§ Required action
Where the records below reach the line containing "have Na : a", start transcribing, and end with the line containing "have NSe : e", exactly and with nothing else added.

------ Given data

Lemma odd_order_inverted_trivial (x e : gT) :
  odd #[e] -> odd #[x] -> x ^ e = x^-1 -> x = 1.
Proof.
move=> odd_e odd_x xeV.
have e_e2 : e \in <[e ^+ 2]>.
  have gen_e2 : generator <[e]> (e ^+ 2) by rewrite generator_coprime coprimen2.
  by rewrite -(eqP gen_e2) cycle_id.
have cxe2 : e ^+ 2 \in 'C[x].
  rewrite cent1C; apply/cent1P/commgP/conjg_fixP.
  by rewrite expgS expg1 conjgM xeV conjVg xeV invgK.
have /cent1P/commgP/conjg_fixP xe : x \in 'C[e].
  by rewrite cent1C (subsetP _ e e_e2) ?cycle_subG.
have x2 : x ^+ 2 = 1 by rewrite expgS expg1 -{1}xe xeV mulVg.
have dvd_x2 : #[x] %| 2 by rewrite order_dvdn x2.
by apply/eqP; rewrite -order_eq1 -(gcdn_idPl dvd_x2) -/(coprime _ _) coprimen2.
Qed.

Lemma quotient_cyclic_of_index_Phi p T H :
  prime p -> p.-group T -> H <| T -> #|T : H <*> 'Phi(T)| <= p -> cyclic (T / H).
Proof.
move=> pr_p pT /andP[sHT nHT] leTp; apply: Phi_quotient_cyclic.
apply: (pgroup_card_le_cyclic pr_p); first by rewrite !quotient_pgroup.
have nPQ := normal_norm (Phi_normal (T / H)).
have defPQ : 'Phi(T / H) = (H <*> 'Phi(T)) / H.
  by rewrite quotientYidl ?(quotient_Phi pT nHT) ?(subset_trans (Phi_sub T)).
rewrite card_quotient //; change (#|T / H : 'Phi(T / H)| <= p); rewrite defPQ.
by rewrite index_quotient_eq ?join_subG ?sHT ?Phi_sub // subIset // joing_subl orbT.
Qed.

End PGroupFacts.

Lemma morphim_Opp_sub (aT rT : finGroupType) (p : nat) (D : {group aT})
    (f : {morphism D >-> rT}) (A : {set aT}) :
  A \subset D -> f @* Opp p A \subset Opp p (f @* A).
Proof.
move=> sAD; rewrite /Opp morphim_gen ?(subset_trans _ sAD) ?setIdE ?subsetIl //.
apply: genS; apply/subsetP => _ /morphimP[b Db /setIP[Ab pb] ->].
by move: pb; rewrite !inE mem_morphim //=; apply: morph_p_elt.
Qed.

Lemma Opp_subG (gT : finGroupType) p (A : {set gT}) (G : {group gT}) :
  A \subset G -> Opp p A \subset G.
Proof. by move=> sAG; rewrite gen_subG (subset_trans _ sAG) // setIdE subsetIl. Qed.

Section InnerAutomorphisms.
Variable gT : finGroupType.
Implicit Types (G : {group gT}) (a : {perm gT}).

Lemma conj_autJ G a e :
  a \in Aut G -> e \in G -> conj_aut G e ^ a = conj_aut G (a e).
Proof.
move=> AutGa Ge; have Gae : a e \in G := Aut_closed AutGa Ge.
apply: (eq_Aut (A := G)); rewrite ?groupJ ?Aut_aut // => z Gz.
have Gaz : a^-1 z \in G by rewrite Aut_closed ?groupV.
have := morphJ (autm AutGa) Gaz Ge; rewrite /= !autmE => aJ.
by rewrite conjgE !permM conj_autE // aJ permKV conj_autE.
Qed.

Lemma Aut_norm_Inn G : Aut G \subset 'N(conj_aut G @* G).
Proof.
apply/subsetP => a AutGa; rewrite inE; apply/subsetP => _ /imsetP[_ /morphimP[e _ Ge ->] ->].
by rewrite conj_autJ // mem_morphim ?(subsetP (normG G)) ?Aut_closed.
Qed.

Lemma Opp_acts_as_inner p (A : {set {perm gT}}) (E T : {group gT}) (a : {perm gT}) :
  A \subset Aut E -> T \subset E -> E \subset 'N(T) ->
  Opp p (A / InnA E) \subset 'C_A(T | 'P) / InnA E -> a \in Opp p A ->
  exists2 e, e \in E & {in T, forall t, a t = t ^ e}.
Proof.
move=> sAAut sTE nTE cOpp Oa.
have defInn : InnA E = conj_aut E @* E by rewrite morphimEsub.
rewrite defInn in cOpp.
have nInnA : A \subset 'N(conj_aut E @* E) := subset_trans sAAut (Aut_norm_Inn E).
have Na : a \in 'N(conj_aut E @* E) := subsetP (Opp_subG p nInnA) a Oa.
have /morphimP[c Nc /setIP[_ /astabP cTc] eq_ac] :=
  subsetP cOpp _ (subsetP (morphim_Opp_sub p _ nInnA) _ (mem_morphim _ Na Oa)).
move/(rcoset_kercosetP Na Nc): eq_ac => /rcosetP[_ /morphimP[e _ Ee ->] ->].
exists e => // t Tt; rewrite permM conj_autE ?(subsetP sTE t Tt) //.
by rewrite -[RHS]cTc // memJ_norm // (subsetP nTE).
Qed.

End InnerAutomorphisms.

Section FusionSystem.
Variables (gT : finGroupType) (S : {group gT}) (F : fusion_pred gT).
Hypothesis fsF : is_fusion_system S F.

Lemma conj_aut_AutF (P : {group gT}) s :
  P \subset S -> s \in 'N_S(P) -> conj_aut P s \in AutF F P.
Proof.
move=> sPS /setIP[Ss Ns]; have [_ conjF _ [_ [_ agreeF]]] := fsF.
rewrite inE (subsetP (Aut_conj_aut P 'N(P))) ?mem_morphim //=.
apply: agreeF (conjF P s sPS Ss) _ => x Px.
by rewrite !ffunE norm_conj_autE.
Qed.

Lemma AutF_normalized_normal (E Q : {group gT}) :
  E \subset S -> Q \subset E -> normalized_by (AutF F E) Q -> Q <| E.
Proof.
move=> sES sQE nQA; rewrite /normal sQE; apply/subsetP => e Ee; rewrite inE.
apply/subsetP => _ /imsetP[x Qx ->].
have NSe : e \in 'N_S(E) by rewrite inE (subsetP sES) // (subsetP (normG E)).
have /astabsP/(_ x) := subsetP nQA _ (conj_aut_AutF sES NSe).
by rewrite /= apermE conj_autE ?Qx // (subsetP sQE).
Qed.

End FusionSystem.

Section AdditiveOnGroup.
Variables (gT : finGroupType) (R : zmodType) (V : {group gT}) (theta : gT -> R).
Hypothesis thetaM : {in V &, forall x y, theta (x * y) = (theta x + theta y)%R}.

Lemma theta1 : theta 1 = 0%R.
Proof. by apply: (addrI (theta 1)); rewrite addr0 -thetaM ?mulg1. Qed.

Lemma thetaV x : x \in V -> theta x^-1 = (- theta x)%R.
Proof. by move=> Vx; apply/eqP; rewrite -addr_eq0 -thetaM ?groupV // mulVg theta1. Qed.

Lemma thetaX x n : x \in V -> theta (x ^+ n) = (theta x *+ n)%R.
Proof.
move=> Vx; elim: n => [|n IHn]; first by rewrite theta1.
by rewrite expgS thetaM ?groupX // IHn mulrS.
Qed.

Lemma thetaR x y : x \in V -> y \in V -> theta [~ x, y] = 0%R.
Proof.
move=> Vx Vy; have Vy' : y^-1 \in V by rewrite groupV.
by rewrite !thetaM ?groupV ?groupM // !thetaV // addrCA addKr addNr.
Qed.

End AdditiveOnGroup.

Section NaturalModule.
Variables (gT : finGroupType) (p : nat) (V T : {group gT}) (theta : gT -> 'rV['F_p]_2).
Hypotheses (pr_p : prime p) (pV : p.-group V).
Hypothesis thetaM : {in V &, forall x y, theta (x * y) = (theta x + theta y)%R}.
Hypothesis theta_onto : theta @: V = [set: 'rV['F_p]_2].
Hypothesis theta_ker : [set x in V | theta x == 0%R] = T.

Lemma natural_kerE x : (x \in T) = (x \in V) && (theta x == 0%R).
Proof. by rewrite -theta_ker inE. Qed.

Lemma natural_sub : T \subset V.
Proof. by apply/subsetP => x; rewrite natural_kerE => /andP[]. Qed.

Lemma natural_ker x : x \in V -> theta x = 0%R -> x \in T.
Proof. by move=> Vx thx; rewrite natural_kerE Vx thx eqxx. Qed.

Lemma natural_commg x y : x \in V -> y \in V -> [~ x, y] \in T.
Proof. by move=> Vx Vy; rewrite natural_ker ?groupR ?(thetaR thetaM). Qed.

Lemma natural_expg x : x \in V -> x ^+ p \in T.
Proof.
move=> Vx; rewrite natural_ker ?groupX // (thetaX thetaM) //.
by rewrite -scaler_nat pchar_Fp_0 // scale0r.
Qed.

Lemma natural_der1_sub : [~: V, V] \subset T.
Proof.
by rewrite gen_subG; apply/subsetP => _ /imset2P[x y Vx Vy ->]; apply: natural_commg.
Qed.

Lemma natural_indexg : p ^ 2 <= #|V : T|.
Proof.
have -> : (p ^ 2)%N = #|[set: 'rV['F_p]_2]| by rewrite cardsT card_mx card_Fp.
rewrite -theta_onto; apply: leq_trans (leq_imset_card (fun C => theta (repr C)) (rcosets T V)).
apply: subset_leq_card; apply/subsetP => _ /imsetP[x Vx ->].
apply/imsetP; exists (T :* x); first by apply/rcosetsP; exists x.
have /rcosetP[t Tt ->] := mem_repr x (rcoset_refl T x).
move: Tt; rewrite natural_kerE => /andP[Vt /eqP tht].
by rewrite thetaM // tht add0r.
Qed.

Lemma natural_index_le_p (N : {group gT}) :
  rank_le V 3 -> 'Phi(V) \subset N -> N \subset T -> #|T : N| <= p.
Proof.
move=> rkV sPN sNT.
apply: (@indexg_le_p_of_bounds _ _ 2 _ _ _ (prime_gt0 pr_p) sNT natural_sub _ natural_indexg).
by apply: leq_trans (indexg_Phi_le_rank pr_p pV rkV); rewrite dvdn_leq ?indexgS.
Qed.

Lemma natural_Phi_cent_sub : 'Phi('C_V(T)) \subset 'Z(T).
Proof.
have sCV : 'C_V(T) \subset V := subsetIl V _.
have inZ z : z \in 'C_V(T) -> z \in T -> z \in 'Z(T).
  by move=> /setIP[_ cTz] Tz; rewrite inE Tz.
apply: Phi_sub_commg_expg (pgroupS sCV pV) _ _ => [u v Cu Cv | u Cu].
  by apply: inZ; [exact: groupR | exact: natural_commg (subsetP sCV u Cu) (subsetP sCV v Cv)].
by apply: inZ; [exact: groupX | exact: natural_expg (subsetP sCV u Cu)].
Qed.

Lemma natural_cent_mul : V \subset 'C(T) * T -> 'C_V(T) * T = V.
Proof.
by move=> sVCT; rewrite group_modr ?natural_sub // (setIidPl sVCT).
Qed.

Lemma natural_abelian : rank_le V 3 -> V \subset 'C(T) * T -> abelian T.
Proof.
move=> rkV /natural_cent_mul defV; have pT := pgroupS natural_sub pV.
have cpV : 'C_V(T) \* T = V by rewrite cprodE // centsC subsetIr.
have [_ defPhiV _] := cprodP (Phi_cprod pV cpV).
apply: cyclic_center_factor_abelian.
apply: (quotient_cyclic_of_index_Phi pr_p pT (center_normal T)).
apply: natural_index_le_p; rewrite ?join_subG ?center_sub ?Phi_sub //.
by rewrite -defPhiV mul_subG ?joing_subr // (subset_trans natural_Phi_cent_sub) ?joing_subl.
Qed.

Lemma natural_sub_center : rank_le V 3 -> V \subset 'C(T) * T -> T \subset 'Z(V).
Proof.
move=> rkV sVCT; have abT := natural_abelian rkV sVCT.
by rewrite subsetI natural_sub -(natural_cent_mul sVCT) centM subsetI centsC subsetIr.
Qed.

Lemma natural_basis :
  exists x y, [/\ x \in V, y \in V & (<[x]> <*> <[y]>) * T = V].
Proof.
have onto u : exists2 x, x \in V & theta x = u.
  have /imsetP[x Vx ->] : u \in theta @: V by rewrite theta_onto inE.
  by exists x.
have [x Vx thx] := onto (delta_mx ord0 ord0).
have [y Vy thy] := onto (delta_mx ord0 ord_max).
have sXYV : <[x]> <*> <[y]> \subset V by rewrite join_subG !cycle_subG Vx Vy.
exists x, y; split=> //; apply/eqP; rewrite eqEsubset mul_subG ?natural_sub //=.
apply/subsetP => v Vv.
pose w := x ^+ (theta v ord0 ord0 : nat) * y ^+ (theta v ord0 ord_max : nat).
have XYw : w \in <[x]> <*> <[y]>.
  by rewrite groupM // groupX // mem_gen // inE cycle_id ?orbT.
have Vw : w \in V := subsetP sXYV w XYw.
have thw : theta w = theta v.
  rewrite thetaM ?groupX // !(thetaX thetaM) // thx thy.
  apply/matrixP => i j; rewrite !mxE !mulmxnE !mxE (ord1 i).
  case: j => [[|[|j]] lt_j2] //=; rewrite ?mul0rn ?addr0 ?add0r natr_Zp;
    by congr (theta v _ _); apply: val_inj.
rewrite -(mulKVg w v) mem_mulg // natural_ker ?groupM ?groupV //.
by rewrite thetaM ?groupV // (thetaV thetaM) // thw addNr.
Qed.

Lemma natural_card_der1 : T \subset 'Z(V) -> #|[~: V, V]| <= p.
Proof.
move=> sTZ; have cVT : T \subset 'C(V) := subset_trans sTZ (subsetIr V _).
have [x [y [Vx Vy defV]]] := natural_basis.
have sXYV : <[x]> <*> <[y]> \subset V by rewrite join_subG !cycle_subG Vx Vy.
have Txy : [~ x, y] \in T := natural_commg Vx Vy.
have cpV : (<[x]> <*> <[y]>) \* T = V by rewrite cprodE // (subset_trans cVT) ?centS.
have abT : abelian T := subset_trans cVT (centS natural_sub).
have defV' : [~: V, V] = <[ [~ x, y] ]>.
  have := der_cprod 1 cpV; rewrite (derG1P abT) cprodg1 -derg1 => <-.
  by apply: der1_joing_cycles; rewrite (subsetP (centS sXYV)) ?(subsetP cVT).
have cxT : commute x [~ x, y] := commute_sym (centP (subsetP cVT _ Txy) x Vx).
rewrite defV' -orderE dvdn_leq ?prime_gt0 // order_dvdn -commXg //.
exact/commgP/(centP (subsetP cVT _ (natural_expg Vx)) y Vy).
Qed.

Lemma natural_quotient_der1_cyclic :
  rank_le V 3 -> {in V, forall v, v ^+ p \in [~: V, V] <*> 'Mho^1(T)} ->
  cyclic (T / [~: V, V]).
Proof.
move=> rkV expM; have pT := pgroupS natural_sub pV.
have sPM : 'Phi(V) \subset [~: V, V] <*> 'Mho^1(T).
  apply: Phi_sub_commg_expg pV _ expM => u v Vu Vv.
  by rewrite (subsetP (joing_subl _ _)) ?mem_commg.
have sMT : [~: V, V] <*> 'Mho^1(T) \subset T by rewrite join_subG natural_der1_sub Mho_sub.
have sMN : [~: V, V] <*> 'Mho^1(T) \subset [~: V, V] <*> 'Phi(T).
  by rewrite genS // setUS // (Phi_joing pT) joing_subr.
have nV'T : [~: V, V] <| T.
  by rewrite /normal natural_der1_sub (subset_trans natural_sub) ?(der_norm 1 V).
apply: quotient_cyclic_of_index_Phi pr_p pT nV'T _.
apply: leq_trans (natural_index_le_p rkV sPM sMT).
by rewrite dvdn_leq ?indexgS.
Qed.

------------

§ Exercise output
have Na : a \in 'N(conj_aut E @* E) := subsetP (Opp_subG p nInnA) a Oa.
have /morphimP[c Nc /setIP[_ /astabP cTc] eq_ac] :=
  subsetP cOpp _ (subsetP (morphim_Opp_sub p _ nInnA) _ (mem_morphim _ Na Oa)).
move/(rcoset_kercosetP Na Nc): eq_ac => /rcosetP[_ /morphimP[e _ Ee ->] ->].
exists e => // t Tt; rewrite permM conj_autE ?(subsetP sTE t Tt) //.
by rewrite -[RHS]cTc // memJ_norm // (subsetP nTE).
Qed.

End InnerAutomorphisms.

Section FusionSystem.
Variables (gT : finGroupType) (S : {group gT}) (F : fusion_pred gT).
Hypothesis fsF : is_fusion_system S F.

Lemma conj_aut_AutF (P : {group gT}) s :
  P \subset S -> s \in 'N_S(P) -> conj_aut P s \in AutF F P.
Proof.
move=> sPS /setIP[Ss Ns]; have [_ conjF _ [_ [_ agreeF]]] := fsF.
rewrite inE (subsetP (Aut_conj_aut P 'N(P))) ?mem_morphim //=.
apply: agreeF (conjF P s sPS Ss) _ => x Px.
by rewrite !ffunE norm_conj_autE.
Qed.

Lemma AutF_normalized_normal (E Q : {group gT}) :
  E \subset S -> Q \subset E -> normalized_by (AutF F E) Q -> Q <| E.
Proof.
move=> sES sQE nQA; rewrite /normal sQE; apply/subsetP => e Ee; rewrite inE.
apply/subsetP => _ /imsetP[x Qx ->].
have NSe : e \in 'N_S(E) by rewrite inE (subsetP sES) // (subsetP (normG E)).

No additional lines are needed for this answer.